14/06/2015

Pourquoi certains théorèmes sont-ils hors de notre portée?

 

Bibliotheque.jpgVoyez ces magnifiques rayonnages de livres qui s’alignent. Ils ne suffiraient même pas à contenir certaines démonstrations mathématiques particulièrement longues et complexes. Ni même les décimales de Pi. En octobre 2014, on en a ainsi identifié 13 000 milliards pour ce nombre transcendant. Un record ! Mais pour les contenir toutes, il faudrait environ 6 millions de volumes de mille pages chacun. Légèrement décourageant, on va dire. Sont-elles alors stockables sur le net ? Oui, mais je vous laisse imaginer le nombre d’octets nécessaires à cela.

Venons-en à présent au cas du «théorème géant», ainsi dénommé parce que la taille de sa démonstration défie nos capacités cognitives. En théorie des groupes, il désigne la démonstration du théorème de classification des groupes finis simples. En 1980, celle-ci a été considérée comme achevée. Petit problème : elle tient sur environ 15 000 pages (soit une quinzaine d’ouvrages de mille pages chacun) et se trouve dispersée dans 500 articles rédigés par une centaine de chercheurs. Dispersée dans des revues poussiéreuses, enfouie dans des collections inaccessibles, donc quelque part menacée par l’oubli, puisque seule une frange étroite de chercheurs peut en disposer, y compris sur internet. Et cela sans parler de sa fragilité. Quel mathématicien a pu la lire entièrement ? Qu’est-ce qui garantit, au fond, qu’elle ne contient aucune erreur ?

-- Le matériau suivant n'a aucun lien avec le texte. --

Lemma var_freeX i j : j != i -> var_free i 'X_j.
Proof. by move=> ji nu; rewrite msuppX inE => /eqP ->; rewrite mnm1E (negbTE ji). Qed.

Lemma var_freeD i p q : var_free i p -> var_free i q -> var_free i (p + q).
Proof. by move=> fp fq nu /msuppD_le; rewrite mem_cat => /orP [/fp|/fq]. Qed.

Lemma var_freeM i p q : var_free i p -> var_free i q -> var_free i (p * q).
Proof.
move=> fp fq nu /msuppM_le /allpairsP [[mu1 mu2] /= [in1 in2 ->]].
by rewrite mnmDE fp ?fq.
Qed.

Lemma var_freeXn i p k : var_free i p -> var_free i (p ^+ k).
Proof.
move=> fp; elim: k => [|k IHk]; first by rewrite expr0; apply: var_free1.
by rewrite exprS; apply: var_freeM.
Qed.

Lemma mcoeffM_addX_pow p (i c : 'I_n) N mu :
  i != c -> var_free i p -> (mu i <= N)%N -> (N - mu i <= mu c)%N ->
  (p * ('X_i + 'X_c) ^+ N)@_mu =
    'C(N, mu i)%:R * p@_(mu - U_(i) *+ mu i - U_(c) *+ (N - mu i)).
Proof.
move=> ic fp le_N le_c; have ci : (c == i) = false by rewrite eq_sym (negbTE ic).
rewrite addrC exprDn mulr_sumr raddf_sum /=.
rewrite (bigD1 (Ordinal (leq_ltn_trans le_N (ltnSn N)))) //=.
rewrite big1 ?addr0 => [|j /= /negbTE j_neq].
  rewrite mulrnAr mcoeffMn !mpolyXn -mpolyXD mcoeffMX_le.
  have -> : (U_(c) *+ (N - mu i) + U_(i) *+ mu i <= mu)%MM.
    apply/mnm_lepP => l; rewrite mnmDE !mulmnE !mnm1E.
    case: (eqVneq c l) => [<-|cl]; first by rewrite (negbTE ic) mul1n mul0n addn0.
    by case: (eqVneq i l) => [<-|il]; rewrite ?mul0n ?mul1n.
  by rewrite submDA (addmC (U_(i) *+ mu i)%MM) mulr_natl.
rewrite mulrnAr mcoeffMn !mpolyXn -mpolyXD mcoeffMX_le.
case: ifP => [/mnm_lepP le_mu|]; last by rewrite mul0rn.
suff -> : p@_(mu - (U_(c) *+ (N - j) + U_(i) *+ j)%MM) = 0 by rewrite mul0rn.
apply: memN_msupp_eq0; apply/negP => /fp.
have := le_mu i; rewrite mnmBE mnmDE !mulmnE !mnm1E ci eqxx mul0n mul1n add0n.
by move: j_neq; rewrite -val_eqE /=; lia.
Qed.
(* Let $(M,\omega)$ be a Hermitian manifold with $\Lambda_\omega\partial\bar\partial\omega=0$. Then $$2\mathfrak R^{(1)}-\Theta^{(1)}\leq \Theta^{(2)}$$ as Hermitian $(1,1)$-forms on $M$. Moreover, equality holds if and only if $\omega$ is Kähler.
   Context: Write $\omega=\sqrt{-1}h_{i\bar j}dz^i\wedge d\bar z^j$ in local holomorphic coordinates. Chern curvature: $\Theta_{i\bar j k\bar \ell}=-\frac{\partial^2 h_{k\bar \ell}}{\partial z^i\partial \bar z^j}+h^{p\bar q}\frac{\partial h_{p\bar \ell}}{\partial \bar z^j}\frac{\partial h_{k\bar q}}{\partial z^i}$; first Chern-Ricci curvature $\Theta^{(1)}=\sqrt{-1}h^{k\bar\ell}\Theta_{i\bar jk\bar\ell}dz^i\wedge d\bar z^j$; second Chern-Ricci curvature $\Theta^{(2)}=\sqrt{-1}h^{k\bar\ell}\Theta_{k\bar\ell i\bar j}dz^i\wedge d\bar z^j$. The Levi-Civita connection of the underlying Riemannian metric induces a connection $\nabla^{\mathrm{LC}}$ on $T^{1,0}M$ (projection of the $\mathbb C$-linearly extended Levi-Civita connection onto $T^{1,0}M$), given by $\nabla^{\mathrm{LC}}_{\partial/\partial z^i}\frac{\partial}{\partial z^k}=\Gamma_{ik}^p\frac{\partial}{\partial z^p}$ and $\nabla^{\mathrm{LC}}_{\partial/\partial\bar z^j}\frac{\partial}{\partial z^k}=\Gamma_{\bar jk}^p\frac{\partial}{\partial z^p}$, where $\Gamma_{ij}^k=\frac12h^{k\bar\ell}\left(\frac{\partial h_{j\bar\ell}}{\partial z^i}+\frac{\partial h_{i\bar\ell}}{\partial z^j}\right)$ and $\Gamma_{\bar ij}^k=\frac12h^{k\bar\ell}\left(\frac{\partial h_{j\bar\ell}}{\partial\bar z^i}-\frac{\partial h_{j\bar i}}{\partial\bar z^\ell}\right)$. Its curvature has $(1,1)$-components $\mathfrak R_{i\bar jk}^\ell=-\left(\frac{\partial\Gamma^\ell_{ik}}{\partial\bar z^j}-\frac{\partial\Gamma^\ell_{\bar jk}}{\partial z^i}+\Gamma^s_{ik}\Gamma^\ell_{\bar js}-\Gamma^s_{\bar jk}\Gamma^\ell_{is}\right)$, and $\mathfrak R^{(1)}=\sqrt{-1}\mathfrak R_{i\bar jk}^kdz^i\wedge d\bar z^j$. $\Lambda_\omega$ is the adjoint of $L\phi=\omega\wedge\phi$. The inequality $A\le B$ means $B-A$ is a positive semi-definite Hermitian $(1,1)$-form. *)

From HB Require Import structures.
From mathcomp Require Import all_boot all_order all_algebra.
From mathcomp Require Import all_classical all_reals all_analysis.
From mathcomp Require Import complex.
Set Implicit Arguments. Unset Strict Implicit. Unset Printing Implicit Defensive.
Import Order.TTheory GRing.Theory Num.Theory.
Import numFieldNormedType.Exports.
Local Open Scope classical_set_scope.
Local Open Scope ring_scope.
Local Open Scope complex_scope.

(* A point of an open subset of C^n is encoded by its real coordinates
   (x_1..x_n, y_1..y_n) in 'rV[R]_(n + n), with z^k = x^k + i y^k. *)
Definition rdir (R : realType) (n : nat) (j : 'I_(n + n)) : 'rV[R]_(n + n) :=
  delta_mx 0 j.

Dans cette optique, une démonstration de seconde génération, plus simple, a été entreprise depuis par plusieurs mathématiciens. Bonheur, elle ne s’étale que sur 5 000 pages et une douzaine de volumes, dont la moitié a déjà été publiée. Oui, mais c’est encore trop, et la communauté envisage désormais une démonstration de troisième génération qui tiendrait idéalement sur mille pages.

Pour arriver à leurs fins, les mathématiciens disposent aujourd’hui sur le net de plateformes collaboratives, telle polymathprojects.org, qui leur permettent d’avancer notablement sur certains problèmes irrésolus. Le projet 8 de cette plateforme étudie par exemple les écarts entre premiers consécutifs, et par ce biais, on a pu faire un pas de géant vers la démonstration de la conjecture des nombres premiers jumeaux (j’en ai déjà parlé dans plusieurs billets que je vous laisse redécouvrir si le cœur vous en dit). Avec un peu de chance, le théorème géant dont je parlais plus haut sera donc un jour à peu près accessible à tout le monde. Réjouissant, non ? Certes, mais il y a encore pire.

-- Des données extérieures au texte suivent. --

(* Let $\pi\in\mathfrak{S}_n$ avoid $231$, and let $(a,c,b)$ and $(d,f,e)$ be $3$-cycles in the disjoint cycle decomposition of $\pi$ with $a<b<c$, $d<e<f$ and $a<d$. Then one of the following holds: (1) $c<d$ (so that each of $a,b,c$ is less than each of $d,e,f$); (2) $c>f$ and $d<b<e$; (3) $c>f$ and $e<b<f$.
   Context: A permutation avoids $231$ if there are no indices $i<j<k$ with $\pi_k<\pi_i<\pi_j$. The cycle $(a,c,b)$ means $a\mapsto c\mapsto b\mapsto a$. *)

From mathcomp Require Import all_boot all_order all_fingroup.
Set Implicit Arguments. Unset Strict Implicit. Unset Printing Implicit Defensive.

Definition avoids231 (n : nat) (s : 'S_n) : Prop :=
  ~ exists i j k : 'I_n, [/\ i < j, j < k & s k < s i < s j].

Definition is_3cycle (n : nat) (s : 'S_n) (x y z : 'I_n) : Prop :=
  [/\ x != y, y != z, x != z & [/\ s x = y, s y = z & s z = x]].

From mathcomp Require Import all_boot all_order all_fingroup.
From mathcomp Require Import zify.

Set Implicit Arguments.
Unset Strict Implicit.
Unset Printing Implicit Defensive.

(* The two 3-cycles are disjoint: a common element would put a, which lies on
   the first cycle, into {d, e, f}, whose elements all exceed a.  If d <= c,
   231-avoidance applied to the triples (a, d, e), (e, f, c) and (e, f, b)
   forces f < c, d < b and b < f; it remains to compare b with e. *)

Lemma avoids231_lt n (s : 'S_n) (i j k : 'I_n) :
  avoids231 s -> i < j -> j < k -> s i < s j -> s i < s k.
Proof.
move=> s231 lt_ij lt_jk lt_sij; rewrite ltn_neqAle; apply/andP; split.
  by rewrite val_eqE (inj_eq perm_inj) -val_eqE /=; lia.
by rewrite leqNgt; apply/negP=> lt_ski; apply: s231; exists i, j, k; rewrite lt_ski.
Qed.

Lemma is_3cycle_closed n (s : 'S_n) (x y z t : 'I_n) :
  is_3cycle s x y z -> t \in [:: x; y; z] -> s t \in [:: x; y; z].
Proof.
case=> _ _ _ [sx sy sz].
by rewrite !inE => /or3P[]/eqP->; rewrite ?sx ?sy ?sz eqxx ?orbT.
Qed.

Lemma is_3cycle_meet n (s : 'S_n) (x y z u v w t : 'I_n) :
  is_3cycle s x y z -> is_3cycle s u v w ->
  t \in [:: x; y; z] -> t \in [:: u; v; w] -> x \in [:: u; v; w].
Proof.
move=> [_ _ _ [_ sy sz]] cu tx tu; rewrite !inE in tx; case/or3P: tx => /eqP eq_t.
- by rewrite eq_t in tu.
- by rewrite -sz -sy; do 2 apply: (is_3cycle_closed cu); rewrite -eq_t.
- by rewrite -sz; apply: (is_3cycle_closed cu); rewrite -eq_t.
Qed.

Theorem lemma3p3 (n : nat) (s : 'S_n) (a b c d e f : 'I_n) :
  avoids231 s ->
  is_3cycle s a c b -> is_3cycle s d f e ->
  a < b -> b < c -> d < e -> e < f -> a < d ->
  c < d \/ (f < c /\ d < b < e) \/ (f < c /\ e < b < f).
Proof.
move=> s231 acb dfe lt_ab lt_bc lt_de lt_ef lt_ad.
have [_ _ _ [sa sc sb]] := acb; have [_ _ _ [sd sf se]] := dfe.
have apart t u : t \in [:: a; c; b] -> u \in [:: d; f; e] -> (t : nat) != u.
  move=> ta ud; rewrite val_eqE; apply/eqP=> eq_tu; move: ud; rewrite -eq_tu.
  by move=> /(is_3cycle_meet acb dfe ta); rewrite !inE -!val_eqE /=; lia.
have [ne_cf ne_bf ne_be] : [/\ (c : nat) != f, (b : nat) != f & (b : nat) != e].
  by split; apply: apart; rewrite !inE eqxx ?orbT.
have lt_img_f (k : 'I_n) : f < k -> d < s k.
  by move=> lt_fk; rewrite -se (avoids231_lt s231 lt_ef) // sf se.
have := avoids231_lt s231 lt_ad lt_de; rewrite sa sd se => lt_cf_cd.
case: (ltnP c d) => [|le_dc]; [by left | right].
have lt_fc : f < c by lia.
have lt_db : d < b by rewrite -sc lt_img_f.
have lt_bf : b < f by have := lt_img_f b; rewrite sb; lia.
lia.
Qed.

A savoir le célèbre problème de la «Discrepancy», soulevé en 1930 par le grand mathématicien hongrois Paul Erdös (1913 – 1996) et qui concerne, pour faire simple, les sous-suites d’«indice arithmétique» en théorie combinatoire des nombres. Je vous fais grâce de son énoncé (mais y reviendrai dans un prochain billet) pour ne parler que de la taille de sa preuve dans le cas K = 2. On note en effet généralement Discrep(K) la conjecture correspondant à l’entier K. Et si Discrep(1) est relativement aisée à résoudre, Discrep(2) est en revanche restée irrésolue durant 80 ans.

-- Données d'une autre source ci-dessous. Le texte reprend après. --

Lemma anti_subst_var : forall u x, anti_subst u (Var x).
Proof.
  intros u x c G' T n' H. destruct (Nat.eq_dec x c) as [-> | Hne].
  - simpl in H; rewrite Nat.eqb_refl in H. apply typ_lift_inv in H. destruct H as [A B].
    exists (csingle c T), (fun y => G' (y + c)), n', 1. split; [|split; [|split]].
    + constructor; apply ceq_refl.
    + unfold csingle; rewrite Nat.eqb_refl. apply ltyp_one; auto.
    + intro y. unfold cplus, cdel, shift, csingle. nat_solve.
      all: try (rewrite B; auto; fail).
      all: try (replace (y - c + c) with y by lia; apply Permutation_refl).
    + unfold csingle; rewrite Nat.eqb_refl; simpl; lia.
  - rewrite subst_var_neq in H by auto.
    inversion H as [G0 x0 t0 E| | |]; subst.
    exists (csingle x T), cempty, 0, 1. split; [|split; [|split]].
    + constructor; apply ceq_refl.
    + unfold csingle. nat_solve. all: constructor; apply ceq_refl.
    + eapply ceq_trans; [exact E|]. intro y. unfold cplus, cdel, shift, csingle, cempty. nat_solve.
    + unfold csingle; nat_solve.
Qed.

(* The anti-substitution lemma, by induction on t; for a binary rule the
   two multiset typings of u obtained from the premises are concatenated. *)
Lemma anti_subst_typ : forall u t, anti_subst u t.
Proof.
  intros u t; induction t as [x|b IH|a IHa b IHb|a IHa b IHb].
  - apply anti_subst_var.
  - intros c G' T n' H; simpl in H.
    inversion H as [|G0 G1 M M1 W b0 t0 n0 Hb HP E| |]; subst.
    destruct (IH _ _ _ _ Hb) as (Gb & Db & mb & nb & A1 & A2 & A3 & A4).
    apply ccons_split_ceq in A3. destruct A3 as [P1 P2].
    exists (ctl Gb), Db, mb, (S nb). split; [|split; [|split]].
    + eapply T_lam; [|exact HP|apply ceq_refl]. eapply typ_ceq; [exact A1|].
      eapply ceq_trans. apply ccons_ctl. apply ccons_ceq; [apply Permutation_sym; auto|apply ceq_refl].
    + exact A2.
    + eapply ceq_trans; eauto.
    + unfold ctl. lia.
  - intros c G' T n' H; simpl in H.
    inversion H as [| |G0 G1 G2 a0 b0 M s t0 n0 m0 Ha Hb E|]; subst.
    destruct (IHa _ _ _ _ Ha) as (Ga & Da & ma & na & A1 & A2 & A3 & A4).
    destruct (anti_subst_ltyp u b IHb _ _ _ _ Hb) as (Gb & Db & mb & nb & B1 & B2 & B3 & B4).
    exists (cplus Ga Gb), (cplus Da Db), (ma + mb), (S (na + nb)). split; [|split; [|split]].
    + econstructor; eauto. apply ceq_refl.
    + apply ltyp_app; auto.
    + eapply ceq_trans; [exact E|]. eapply ceq_trans. apply cplus_ceq; eauto.
      apply subst_ctx_recombine; apply ceq_refl.
    + unfold cplus; rewrite length_app; lia.
  - intros c G' T n' H; simpl in H.
    inversion H as [| | |G0 G1 G2 a0 b0 M M1 W s t0 n0 m0 Ha HP Hb E]; subst.
    destruct (IHa _ _ _ _ Ha) as (Ga & Da & ma & na & A1 & A2 & A3 & A4).
    apply ccons_split_ceq in A3. destruct A3 as [P1 P2].
    destruct (anti_subst_ltyp u b IHb _ _ _ _ Hb) as (Gb & Db & mb & nb & B1 & B2 & B3 & B4).
    exists (cplus (ctl Ga) Gb), (cplus Da Db), (ma + mb), (na + nb). split; [|split; [|split]].
    + eapply T_sub; [|exact HP|exact B1|apply ceq_refl]. eapply typ_ceq; [exact A1|].
      eapply ceq_trans. apply ccons_ctl. apply ccons_ceq; [apply Permutation_sym; auto|apply ceq_refl].
    + apply ltyp_app; auto.
    + eapply ceq_trans; [exact E|]. eapply ceq_trans. apply cplus_ceq; eauto.
      apply subst_ctx_recombine; apply ceq_refl.
    + unfold cplus, ctl; rewrite length_app; unfold ctl in A4; lia.
Qed.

Sa démonstration, établie il y a peu par un ordinateur et par le travail de deux chercheurs de l’Université de Liverpool (Boris Konev et Alexei Lisitsa) via le projet Polymath, couvre 13 giga-octets ou gigabytes (soit autant que tout Wikipédia), ou, en termes d’impression, 13 000 ouvrages de 1000 pages chacun. Je n’ose imaginer ce qu’il en serait pour le cas Discrep(K) ! On s’évertue aujourd’hui à la simplifier. Ce n’est pas pour demain, ai-je envie d’ajouter.